* AIM OF THE TASK *
Which lines below contain "Hclosed"? Pull them out.

* EXTRACTED RECORDS *
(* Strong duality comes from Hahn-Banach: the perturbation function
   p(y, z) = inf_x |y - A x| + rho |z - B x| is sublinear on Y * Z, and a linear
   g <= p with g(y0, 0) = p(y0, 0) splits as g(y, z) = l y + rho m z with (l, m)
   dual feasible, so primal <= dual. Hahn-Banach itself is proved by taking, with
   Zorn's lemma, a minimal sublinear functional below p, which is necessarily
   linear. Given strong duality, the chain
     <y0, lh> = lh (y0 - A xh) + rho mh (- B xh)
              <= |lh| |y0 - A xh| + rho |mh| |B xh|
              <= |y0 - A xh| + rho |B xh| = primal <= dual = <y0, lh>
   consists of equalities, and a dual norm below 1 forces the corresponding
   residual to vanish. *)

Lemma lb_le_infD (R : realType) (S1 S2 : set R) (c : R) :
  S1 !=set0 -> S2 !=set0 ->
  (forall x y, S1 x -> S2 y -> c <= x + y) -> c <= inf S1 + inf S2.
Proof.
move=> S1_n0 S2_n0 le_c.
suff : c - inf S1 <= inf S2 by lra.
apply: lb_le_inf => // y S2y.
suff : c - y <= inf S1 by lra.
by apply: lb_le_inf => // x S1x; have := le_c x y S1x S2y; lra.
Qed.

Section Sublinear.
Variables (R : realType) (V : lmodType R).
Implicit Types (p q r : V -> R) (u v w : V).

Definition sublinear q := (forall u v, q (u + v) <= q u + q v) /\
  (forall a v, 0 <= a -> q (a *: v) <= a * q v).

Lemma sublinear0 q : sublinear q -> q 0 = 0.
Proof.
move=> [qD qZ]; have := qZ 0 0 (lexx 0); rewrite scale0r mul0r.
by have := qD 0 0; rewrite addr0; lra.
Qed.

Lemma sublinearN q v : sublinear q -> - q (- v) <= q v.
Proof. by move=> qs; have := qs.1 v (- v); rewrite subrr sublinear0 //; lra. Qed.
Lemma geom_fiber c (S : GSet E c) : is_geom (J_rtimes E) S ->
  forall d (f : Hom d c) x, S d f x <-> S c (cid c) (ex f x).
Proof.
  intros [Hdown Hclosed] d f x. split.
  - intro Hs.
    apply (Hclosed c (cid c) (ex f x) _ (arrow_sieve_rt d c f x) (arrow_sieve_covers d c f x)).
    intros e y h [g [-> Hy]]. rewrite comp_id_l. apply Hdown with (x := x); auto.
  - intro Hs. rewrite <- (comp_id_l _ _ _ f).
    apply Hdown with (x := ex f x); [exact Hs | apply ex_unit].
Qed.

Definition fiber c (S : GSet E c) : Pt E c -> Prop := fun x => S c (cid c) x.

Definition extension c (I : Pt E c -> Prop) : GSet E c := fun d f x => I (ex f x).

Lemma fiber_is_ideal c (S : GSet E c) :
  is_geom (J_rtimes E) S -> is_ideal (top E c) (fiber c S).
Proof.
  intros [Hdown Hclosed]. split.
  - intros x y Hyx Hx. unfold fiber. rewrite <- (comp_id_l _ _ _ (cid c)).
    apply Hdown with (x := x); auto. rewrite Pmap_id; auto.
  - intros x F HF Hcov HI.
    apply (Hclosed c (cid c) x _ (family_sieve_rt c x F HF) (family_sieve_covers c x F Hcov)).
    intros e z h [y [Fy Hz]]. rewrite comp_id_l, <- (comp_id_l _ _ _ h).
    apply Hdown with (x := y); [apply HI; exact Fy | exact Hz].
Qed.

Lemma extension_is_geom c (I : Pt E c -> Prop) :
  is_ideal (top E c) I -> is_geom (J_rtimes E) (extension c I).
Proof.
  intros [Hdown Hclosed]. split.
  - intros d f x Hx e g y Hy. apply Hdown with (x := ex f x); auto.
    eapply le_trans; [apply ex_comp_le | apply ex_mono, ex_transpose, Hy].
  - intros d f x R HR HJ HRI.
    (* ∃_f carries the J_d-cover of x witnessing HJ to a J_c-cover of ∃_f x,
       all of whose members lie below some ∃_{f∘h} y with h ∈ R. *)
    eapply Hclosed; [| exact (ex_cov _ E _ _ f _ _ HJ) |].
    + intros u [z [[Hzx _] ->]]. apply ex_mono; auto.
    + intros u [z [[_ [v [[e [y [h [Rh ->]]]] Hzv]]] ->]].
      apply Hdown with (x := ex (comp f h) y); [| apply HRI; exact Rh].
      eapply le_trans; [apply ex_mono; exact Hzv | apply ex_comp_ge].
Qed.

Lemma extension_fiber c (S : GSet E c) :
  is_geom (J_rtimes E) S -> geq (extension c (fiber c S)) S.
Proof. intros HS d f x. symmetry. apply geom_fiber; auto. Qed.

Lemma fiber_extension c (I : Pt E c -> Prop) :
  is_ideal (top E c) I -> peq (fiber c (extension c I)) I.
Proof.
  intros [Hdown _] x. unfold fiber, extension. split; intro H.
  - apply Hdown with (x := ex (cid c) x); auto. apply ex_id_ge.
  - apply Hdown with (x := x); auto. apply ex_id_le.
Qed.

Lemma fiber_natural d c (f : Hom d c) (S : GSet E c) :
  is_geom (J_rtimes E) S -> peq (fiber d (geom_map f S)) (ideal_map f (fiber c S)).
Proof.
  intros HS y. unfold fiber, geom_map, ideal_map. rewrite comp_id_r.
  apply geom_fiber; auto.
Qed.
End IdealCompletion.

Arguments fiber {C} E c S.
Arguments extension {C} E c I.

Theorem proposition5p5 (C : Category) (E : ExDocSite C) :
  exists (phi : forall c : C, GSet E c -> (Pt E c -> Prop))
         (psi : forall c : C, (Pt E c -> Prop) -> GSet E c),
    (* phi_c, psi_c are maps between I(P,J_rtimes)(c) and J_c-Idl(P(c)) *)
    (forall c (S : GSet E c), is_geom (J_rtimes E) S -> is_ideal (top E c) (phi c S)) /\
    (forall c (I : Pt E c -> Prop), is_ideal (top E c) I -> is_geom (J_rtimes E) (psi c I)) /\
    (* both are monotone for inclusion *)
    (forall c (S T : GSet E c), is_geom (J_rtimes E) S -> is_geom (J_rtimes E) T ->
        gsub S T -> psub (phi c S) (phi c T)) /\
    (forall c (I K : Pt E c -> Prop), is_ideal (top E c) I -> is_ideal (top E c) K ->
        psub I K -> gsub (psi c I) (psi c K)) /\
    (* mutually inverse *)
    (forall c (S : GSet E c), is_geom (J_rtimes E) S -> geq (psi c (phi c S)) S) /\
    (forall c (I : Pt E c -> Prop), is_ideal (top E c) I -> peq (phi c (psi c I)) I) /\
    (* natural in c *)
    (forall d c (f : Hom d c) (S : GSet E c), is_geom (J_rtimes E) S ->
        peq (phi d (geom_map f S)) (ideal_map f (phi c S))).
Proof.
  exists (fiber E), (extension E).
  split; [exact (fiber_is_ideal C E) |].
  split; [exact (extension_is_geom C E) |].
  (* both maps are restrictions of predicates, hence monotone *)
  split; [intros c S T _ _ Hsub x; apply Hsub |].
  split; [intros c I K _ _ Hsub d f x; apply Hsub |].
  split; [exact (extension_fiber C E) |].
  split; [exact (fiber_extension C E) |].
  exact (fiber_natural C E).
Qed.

* EXERCISE OUTPUT *
  intros [Hdown Hclosed] d f x. split.
    apply (Hclosed c (cid c) (ex f x) _ (arrow_sieve_rt d c f x) (arrow_sieve_covers d c f x)).
  intros [Hdown Hclosed]. split.
    apply (Hclosed c (cid c) x _ (family_sieve_rt c x F HF) (family_sieve_covers c x F Hcov)).
  intros [Hdown Hclosed]. split.
    eapply Hclosed; [| exact (ex_cov _ E _ _ f _ _ HJ) |].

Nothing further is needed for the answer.